Residual enzymatic activity of the tetanus toxin light chain present in tetanus toxoid batches used for vaccine production.

The light chain of tetanus neurotoxin (TeNT) is a zinc-dependent metalloprotease which specifically cleaves the synaptic vesicle protein synaptobrevin. This crucial mechanism of tetanus toxicity leads to a blockade of inhibitory neurotransmitter release. We recently reported the development of a highly sensitive endopeptidase assay for the specific in vitro detection of active TeNT based on this proteolytic feature. Using this method, we could show that formaldehyde-inactivated TeNT preparations (toxoids), which are used for the production of tetanus vaccines, contain a high residual synaptobrevin-cleaving activity. Such an activity was detected in numerous tetanus toxoid batches obtained from several vaccine manufacturers which did not display any in vivo toxicity in the obligatory animal tests. The enzymatic activity could be attributed to the presence of free TeNT light chains whose function had not been restrained by the formaldehyde treatment, but which lack the functional heavy chain necessary for entering neurons in vivo. To our knowledge, this is the first report describing a residual proteolytic activity in tetanus toxoids.

An in vitro assay for detection of tetanus neurotoxin activity: using antibodies for recognizing the proteolytically generated cleavage product.

Tetanus neurotoxin (TeNT(1)) is a bacterial protease which specifically cleaves the vesicle protein synaptobrevin-2 (vesicle associated membrane protein-2, VAMP-2). This proteolytic feature of the toxin has been used to develop a sensitive endopeptidase assay for the detection of TeNT activity as an alternative to the in vivo assay for TeNT toxicity. Recombinant synaptobrevin-2 (rSyb2) is immobilized onto a microtiter plate, and the cleavage of immobilized rSyb2 by TeNT is detected with a polyclonal antibody directed against the newly generated C-terminus of the cleavage product. This antibody is shown to be a highly specific tool for detecting rSyb2 proteolysis by TeNT. The method reaches a detection limit of less than 1pg TeNT/ml. To our knowledge, this is the most sensitive in vitro assay for the detection of TeNT activity, and it is easy to perform. Besides, the assay can also detect the activity of botulinum neurotoxin type B (BoNT/B). The method can be applied to examine the toxicity of TeNT or BoNT/B preparations as well as the influence of chemicals on TeNT and BoNT/B activity. In the future, the assay may also serve as a basis for the replacement of the in vivo safety control of tetanus vaccines.

In vitro determination of specific toxicity in tetanus vaccines.

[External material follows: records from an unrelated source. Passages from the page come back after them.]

(* Let $\Omega$ be a domain, $G\subset\mathbb{C}$ a closed set with empty interior, $\Phi=(\phi_n)_n$ a sequence of continuous mappings from $G$ to $\Omega$, and $\mathcal{M}$ a countable family of compact subsets of $G$. If there exists a $(\Phi,\mathcal{M})$-universal function in $H(\Omega)$, then for any compact set $L\subset\Omega$, any $K\in\mathcal{M}$ and any disjoint $I_1,I_2\in\mathcal{M}$ with $K\cup I_1\cup I_2\in\mathcal{M}$, there exist infinitely many $n\in\mathbb{N}$ such that both $\phi_n(K)\cap L=\emptyset$ and $\phi_n(I_1)\cap\phi_n(I_2)=\emptyset$.
   Context: $H(\Omega)$ is the Fréchet space of holomorphic functions on $\Omega$ with the locally uniform topology; $\mathcal{C}(K)$ is the Banach space of continuous functions on $K$ with the sup norm. $f\in H(\Omega)$ is $(\Phi,\mathcal{M})$-universal if for every $K\in\mathcal{M}$ the set $\{f\circ\phi_n|_K:\,n\in\mathbb{N}\}$ is dense in $\mathcal{C}(K)$. *)

From Stdlib Require Import Reals List.
From Coquelicot Require Import Coquelicot.
Open Scope R_scope.

Definition Ccompact (K : C -> Prop) : Prop :=
  forall (I : Type) (U : I -> C -> Prop),
    (forall i, open (U i)) ->
    (forall z, K z -> exists i, U i z) ->
    exists l : list I, forall z, K z -> exists i, In i l /\ U i z.

Definition Cdomain (Om : C -> Prop) : Prop :=
  open Om /\ (exists z, Om z) /\
  forall A B : C -> Prop, open A -> open B ->
    (forall z, Om z -> A z \/ B z) ->
    (forall z, Om z -> A z -> B z -> False) ->
    (exists z, Om z /\ A z) -> (exists z, Om z /\ B z) -> False.

Definition empty_interior (G : C -> Prop) : Prop :=
  forall U : C -> Prop, open U -> (forall z, U z -> G z) -> forall z, ~ U z.

Definition continuous_on_set (A : C -> Prop) (h : C -> C) : Prop :=
  forall z, A z -> forall eps : R, 0 < eps -> exists delta : R, 0 < delta /\
    forall w, A w -> Cmod (w - z) < delta -> Cmod (h w - h z) < eps.

Definition holomorphic_on (Om : C -> Prop) (f : C -> C) : Prop :=
  forall z, Om z -> @ex_derive C_AbsRing C_NormedModule f z.

Definition countable_family (M : (C -> Prop) -> Prop) : Prop :=
  exists h : (C -> Prop) -> nat, forall A B, M A -> M B -> h A = h B -> A = B.

(* (Phi, M)-universality: for each K in M, {f o phi_n |_K} is dense in C(K)
   for the sup norm. *)
Definition universal (f : C -> C) (phi : nat -> C -> C)
  (M : (C -> Prop) -> Prop) : Prop :=
  forall K, M K -> forall g : C -> C, continuous_on_set K g ->
    forall eps : R, 0 < eps ->
      exists n : nat, forall z, K z -> Cmod (f (phi n z) - g z) < eps.

From Stdlib Require Import Reals List Lia Lra Classical.
From Coquelicot Require Import Coquelicot.
Open Scope R_scope.

(* Approximate the translation [z |-> z + A] on [K u I1 u I2] by [f o phi_n].
   For [A] large, [f (phi_n z)] is then larger than every value of [f] on the
   compact set [L], so [phi_n z] avoids [L]; and [phi_n z = phi_n w] would give
   [|z - w| < 2 eps], impossible once [eps] is below half the distance from
   [I1] to [I2].  Such [n] exist beyond any bound [N], because perturbing the
   target by a small constant defeats any finitely many indices. *)

Lemma Cmod_le_add_sub (a b : C) : Cmod a <= Cmod b + Cmod (a - b).
Proof. replace a with (b + (a - b))%C at 1 by ring. apply Cmod_triangle. Qed.

Lemma Cmod_sub_sym (a b : C) : Cmod (a - b) = Cmod (b - a).
Proof. replace (a - b)%C with (- (b - a))%C by ring. apply Cmod_opp. Qed.

Lemma Cmod_translate_lower (A : R) (a z : C) :
  A - Cmod z - Cmod (a - (z + RtoC A)) <= Cmod a.
Proof.
  pose proof (Cmod_le_add_sub (z + RtoC A) a) as Hsum.
  pose proof (Cmod_le_add_sub (RtoC A) (- z)) as HA.
  replace (RtoC A - - z)%C with (z + RtoC A)%C in HA by ring.
  rewrite Cmod_opp, Cmod_R in HA.
  rewrite Cmod_sub_sym in Hsum. pose proof (Rle_abs A). lra.
Qed.

Lemma Cmod_sub_translate_le (A : R) (a z w : C) :
  Cmod (w - z) <= Cmod (a - (z + RtoC A)) + Cmod (a - (w + RtoC A)).
Proof.
  pose proof (Cmod_le_add_sub (w - z) (w + RtoC A - a)) as H.
  replace (w - z - (w + RtoC A - a))%C with (a - (z + RtoC A))%C in H by ring.
  rewrite (Cmod_sub_sym (w + RtoC A)) in H. lra.
Qed.

Lemma inv_INR_succ_pos (k : nat) : 0 < / (INR k + 1).
Proof. pose proof (pos_INR k). apply Rinv_0_lt_compat. lra. Qed.

Lemma inv_INR_succ_lt (d : R) : 0 < d -> exists k : nat, / (INR k + 1) < d.
Proof.
  intros Hd. destruct (INR_archimed d 1) as [k Hk]; [lra|].
  exists k. pose proof (pos_INR k).
  apply (Rmult_lt_reg_l (INR k + 1)); [lra|]. rewrite Rinv_r; [|lra]. nra.
Qed.

Lemma inv_INR_succ_le (k k' : nat) : (k <= k')%nat -> / (INR k' + 1) <= / (INR k + 1).
Proof.
  intros H. apply le_INR in H. pose proof (pos_INR k).
  apply Rinv_le_contravar; lra.
Qed.

Lemma INR_gt (r : R) : exists k : nat, r < INR k.
Proof. destruct (INR_archimed 1 r) as [k Hk]; [lra|]. exists k. lra. Qed.

Lemma In_le_list_sum (l : list nat) (i : nat) : In i l -> (i <= list_sum l)%nat.
Proof.
  induction l as [|a l IH]; simpl; [tauto|].
  intros [->|Hi]; [lia|]. specialize (IH Hi). lia.
Qed.

Definition ball_interior (Q : C -> Prop) (w : C) : Prop :=
  exists r, 0 < r /\ forall v, Cmod (v - w) < r -> Q v.

Lemma open_ball_interior (Q : C -> Prop) : open (ball_interior Q).
Proof.
  intros w [r [Hr HQ]]. apply (@locally_le_locally_norm C_AbsRing C_NormedModule).
  exists (mkposreal (r/2) ltac:(lra)). intros v Hv.
  assert (Hvw : Cmod (v - w) < r/2) by exact Hv.
  exists (r/2). split; [lra|]. intros u Hu. apply HQ.
  pose proof (Cmod_le_add_sub (u - w) (u - v)) as H.
  replace (u - w - (u - v))%C with (v - w)%C in H by ring. lra.
Qed.

(* A property increasing in [k] that holds near each point of a compact set
   for some [k] holds on the whole set for one [k]: take the sum of the
   indices of a finite subcover. *)
Lemma Ccompact_uniform_index (K : C -> Prop) (P : nat -> C -> Prop) :
  Ccompact K ->
  (forall k k' v, (k <= k')%nat -> P k v -> P k' v) ->
  (forall z, K z -> exists k, ball_interior (P k) z) ->
  exists k, forall z, K z -> P k z.
Proof.
  intros HK Hmono Hloc.
  destruct (HK nat (fun k => ball_interior (P k)) (fun k => open_ball_interior (P k)) Hloc)
    as [l Hl].
  exists (list_sum l). intros z Hz. destruct (Hl z Hz) as [i [Hi [r [Hr HP]]]].
  apply Hmono with i; [now apply In_le_list_sum|]. apply HP.
  replace (z - z)%C with (RtoC 0) by ring. rewrite Cmod_0. lra.
Qed.

Lemma holomorphic_continuous_on_set (Om L : C -> Prop) (f : C -> C) :
  holomorphic_on Om f -> (forall z, L z -> Om z) -> continuous_on_set L f.
Proof.
  intros Hf HLOm z Hz eps Heps.
  assert (Hnear : locally (f z) (fun y : C => Cmod (y - f z) < eps)).
  { apply (@locally_le_locally_norm C_AbsRing C_NormedModule).
    exists (mkposreal eps Heps). intros y Hy. exact Hy. }
  destruct (ex_derive_continuous f z (Hf z (HLOm z Hz)) _ Hnear) as [r Hr].
  exists r. split; [apply cond_pos|]. intros w _ Hw. exact (Hr w Hw).
Qed.

Lemma Ccompact_image_bounded (K : C -> Prop) (h : C -> C) :
  Ccompact K -> continuous_on_set K h -> exists B : R, forall z, K z -> Cmod (h z) < B.
Proof.
  intros HK Hh.
  destruct (Ccompact_uniform_index K (fun k v => K v -> Cmod (h v) < INR k) HK)
    as [k Hk].
  - intros k k' v Hkk' H Hv. apply le_INR in Hkk'. specialize (H Hv). lra.
  - intros z Hz.
    destruct (Hh z Hz 1 Rlt_0_1) as [r [Hr Hclose]].
    destruct (INR_gt (Cmod (h z) + 1)) as [k Hk].
    exists k, r. split; [exact Hr|]. intros v Hv HKv.
    specialize (Hclose v HKv Hv).
    pose proof (Cmod_le_add_sub (h v) (h z)). lra.
  - exists (INR k). intros z Hz. exact (Hk z Hz Hz).
Qed.

Lemma Ccompact_point_separated (K : C -> Prop) (w : C) :
  Ccompact K -> ~ K w -> exists k, forall u, K u -> / (INR k + 1) < Cmod (u - w).
Proof.
  intros HK Hw.
  apply (Ccompact_uniform_index K (fun k u => / (INR k + 1) < Cmod (u - w)) HK).
  - intros k k' v Hkk' H. pose proof (inv_INR_succ_le k k' Hkk'). lra.
  - intros u Hu. set (d := Cmod (u - w)).
    assert (Hd : 0 < d).
    { apply Cmod_gt_0. intros H0. apply Hw.
      replace w with u; [exact Hu|]. replace u with ((u - w) + w)%C by ring.
      rewrite H0. ring. }
    destruct (inv_INR_succ_lt (d/2)) as [k Hk]; [lra|].
    exists k, (d/2). split; [lra|]. intros v Hv.
    pose proof (Cmod_le_add_sub (u - w) (v - w)) as H.
    replace (u - w - (v - w))%C with (u - v)%C in H by ring.
    rewrite (Cmod_sub_sym u v) in H. fold d in H. lra.
Qed.

Lemma Ccompact_disjoint_separated (I1 I2 : C -> Prop) :
  Ccompact I1 -> Ccompact I2 -> (forall z, I1 z -> I2 z -> False) ->
  exists d, 0 < d /\ forall w u, I1 w -> I2 u -> d < Cmod (u - w).
Proof.
  intros H1 H2 Hdisj.
  destruct (Ccompact_uniform_index I1
              (fun k w => I1 w -> forall u, I2 u -> / (INR k + 1) < Cmod (u - w)) H1)
    as [k Hk].
  - intros k k' v Hkk' H Hv u Hu. pose proof (inv_INR_succ_le k k' Hkk').
    specialize (H Hv u Hu). lra.
  - intros w Hw.
    destruct (Ccompact_point_separated I2 w H2) as [k0 Hk0].
    { intros Hw2. exact (Hdisj w Hw Hw2). }
    pose proof (inv_INR_succ_pos k0) as He. set (e := / (INR k0 + 1)) in *.
    destruct (inv_INR_succ_lt (e/2)) as [k Hk]; [lra|].
    exists k, (e/2). split; [lra|]. intros v Hv _ u Hu.
    specialize (Hk0 u Hu). fold e in Hk0.
    pose proof (Cmod_le_add_sub (u - w) (u - v)) as H.
    replace (u - w - (u - v))%C with (v - w)%C in H by ring. lra.
  - exists (/ (INR k + 1)). split; [apply inv_INR_succ_pos|].
    intros w u Hw Hu. exact (Hk w Hw Hw u Hu).
Qed.

Lemma continuous_on_set_id (J : C -> Prop) : continuous_on_set J (fun z => z).
Proof. intros z _ e He. exists e. split; [exact He|]. intros w _ Hwz. exact Hwz. Qed.

Lemma continuous_on_set_add_const (J : C -> Prop) (g : C -> C) (c : C) :
  continuous_on_set J g -> continuous_on_set J (fun z => (g z + c)%C).
Proof.
  intros Hg z Hz e He. destruct (Hg z Hz e He) as [d [Hd H]].
  exists d. split; [exact Hd|]. intros w Hw Hwz.
  replace (g w + c - (g z + c))%C with (g w - g z)%C by ring. auto.
Qed.

Lemma Cmod_sub_const_far (a : C) (e : R) :
  0 < e -> exists c : R, 0 <= c <= 2 * e /\ e <= Cmod (a - RtoC c).
Proof.
  intros He. destruct (Rle_lt_dec e (Cmod a)) as [Ha|Ha].
  - exists 0. split; [lra|]. now replace (a - RtoC 0)%C with a by ring.
  - exists (2 * e). split; [lra|].
    pose proof (Cmod_le_add_sub (RtoC (2 * e)) a) as H.
    rewrite Cmod_R, Rabs_right, Cmod_sub_sym in H by lra. lra.
Qed.

Section ApproximationBeyond.

Variables (f : C -> C) (phi : nat -> C -> C) (J : C -> Prop).

Definition approximates (n : nat) (g : C -> C) (eps : R) : Prop :=
  forall z, J z -> Cmod (f (phi n z) - g z) < eps.

Hypothesis approx : forall g, continuous_on_set J g ->
  forall eps, 0 < eps -> exists n, approximates n g eps.

(* To skip index [N], aim at [g + c] where [c] is chosen so that [f o phi_N]
   is [eps/8]-far from [g + c] at some point of [J]. *)
Lemma approximable_beyond (N : nat) (g : C -> C) (eps : R) :
  continuous_on_set J g -> 0 < eps ->
  exists n, (N <= n)%nat /\ approximates n g eps.
Proof.
  destruct (classic (exists z0, J z0)) as [[z0 Hz0]|HJ].
  2:{ intros _ _. exists N. split; [lia|]. intros z Hz. exfalso. eauto. }
  revert g eps. induction N as [|N IH]; intros g eps Hg Heps.
  - destruct (approx g Hg eps Heps) as [n Hn]. exists n. split; [lia|exact Hn].
  - destruct (Cmod_sub_const_far (f (phi N z0) - g z0) (eps/8)) as [c [Hc Hfar]]; [lra|].
    destruct (IH (fun z => (g z + RtoC c)%C) (eps/8)
                (continuous_on_set_add_const J g (RtoC c) Hg)) as [n [Hn Happ]]; [lra|].
    exists n. split.
    + destruct (Nat.eq_dec n N) as [->|Hne]; [|lia].
      specialize (Happ z0 Hz0). simpl in Happ.
      replace (f (phi N z0) - g z0 - RtoC c)%C
        with (f (phi N z0) - (g z0 + RtoC c))%C in Hfar by ring. lra.
    + intros z Hz. specialize (Happ z Hz). simpl in Happ.
      pose proof (Cmod_le_add_sub (f (phi n z) - g z) (f (phi n z) - (g z + RtoC c))) as H.
      replace (f (phi n z) - g z - (f (phi n z) - (g z + RtoC c)))%C with (RtoC c) in H
        by ring.
      rewrite Cmod_R, Rabs_right in H by lra. lra.
Qed.

End ApproximationBeyond.

Theorem mainTheorem13
  (Om G : C -> Prop) (phi : nat -> C -> C) (M : (C -> Prop) -> Prop)
  (HOm : Cdomain Om)
  (HGc : closed G) (HGi : empty_interior G)
  (Hphi : forall n z, G z -> Om (phi n z))
  (Hphic : forall n, continuous_on_set G (phi n))
  (HMc : countable_family M)
  (HMK : forall K, M K -> Ccompact K /\ (forall z, K z -> G z))
  (Huniv : exists f : C -> C, holomorphic_on Om f /\ universal f phi M) :
  forall L K I1 I2 : C -> Prop,
    Ccompact L -> (forall z, L z -> Om z) ->
    M K -> M I1 -> M I2 -> (forall z, I1 z -> I2 z -> False) ->
    M (fun z => K z \/ I1 z \/ I2 z) ->
    forall N : nat, exists n : nat, (N <= n)%nat /\
      (forall z, K z -> ~ L (phi n z)) /\
      (forall z w, I1 z -> I2 w -> phi n z <> phi n w).
Proof.
  intros L K I1 I2 HL HLOm HK HI1 HI2 Hdisj HJ N.
  destruct Huniv as [f [Hf Hu]].
  set (J := fun z => K z \/ I1 z \/ I2 z).
  destruct (Ccompact_image_bounded L f HL
              (holomorphic_continuous_on_set Om L f Hf HLOm)) as [BL HBL].
  destruct (Ccompact_image_bounded J (fun z => z) (proj1 (HMK J HJ))
              (continuous_on_set_id J)) as [BJ HBJ].
  destruct (Ccompact_disjoint_separated I1 I2 (proj1 (HMK I1 HI1)) (proj1 (HMK I2 HI2)) Hdisj)
    as [d [Hd Hsep]].
  set (A := BL + BJ + 1). set (eps := Rmin (d/2) 1).
  assert (Heps : 0 < eps) by (apply Rmin_glb_lt; lra).
  destruct (approximable_beyond f phi J (Hu J HJ) N _ eps
              (continuous_on_set_add_const J _ (RtoC A) (continuous_on_set_id J)) Heps)
    as [n [Hn Happ]].
  assert (Heps_le : eps <= d/2 /\ eps <= 1) by (split; [apply Rmin_l|apply Rmin_r]).
  exists n. split; [exact Hn|split].
  - intros z Hz HLz.
    assert (HJz : J z) by (left; exact Hz).
    pose proof (Cmod_translate_lower A (f (phi n z)) z).
    pose proof (Happ z HJz : Cmod (f (phi n z) - (z + RtoC A)) < eps).
    pose proof (HBJ z HJz). pose proof (HBL _ HLz). unfold A in *. lra.
  - intros z w Hz Hw Heq.
    pose proof (Cmod_sub_translate_le A (f (phi n z)) z w) as Hzw. rewrite Heq in Hzw at 2.
    pose proof (Happ z (or_intror (or_introl Hz)) : Cmod (f (phi n z) - (z + RtoC A)) < eps).
    pose proof (Happ w (or_intror (or_intror Hw)) : Cmod (f (phi n w) - (w + RtoC A)) < eps).
    pose proof (Hsep z w Hz Hw). lra.
Qed.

Tetanus vaccine is prepared from detoxified tetanus neurotoxin. To ensure the absence of residual toxin activity or to exclude the reversion to toxicity reliable control testing is based on in vivo methods, because no in vitro assay provides the required specificity and sensitivity. Tetanus neurotoxin is a 150 kDa protein produced by Clostridium tetani. The 50 kDa light chain of this neurotoxin belongs to the family of zinc metalloproteases. It cleaves synaptobrevin, a small synaptic vesicle protein, which is involved in neuroexocytosis, at the single Q76-F77 peptide bond. To develop a sensitive in vitro assay capable of quantifying the proteolytic activity of this toxin, we used as substrate a recombinant fragment of synaptobrevin2 (1-97). For detecting the cleavage products a peptide antibody raised against the N-terminal cleavage site was used. In Western Blot analysis only the cleaved substrate was detected while the uncleaved substrate showed no signal. In different approaches, recombinant synaptobrevin was either (i) bound to a microtitre plate, reduced toxin was added and the N-terminal cleavage product was detected by a specific antibody or (ii) the cleavage was performed in test tubes, the samples were transferred to a microtitre plate and immobilised cleavage products were detected. When toxoid or crude toxin is used, non-specific cleavage of synaptobrevin substrate occurs. Depending on the toxoid used different patterns of degradation of substrate are visible in Western Blots. Different protease inhibitors and reaction conditions seem to have an effect on the inhibition of this non-specific cleavage.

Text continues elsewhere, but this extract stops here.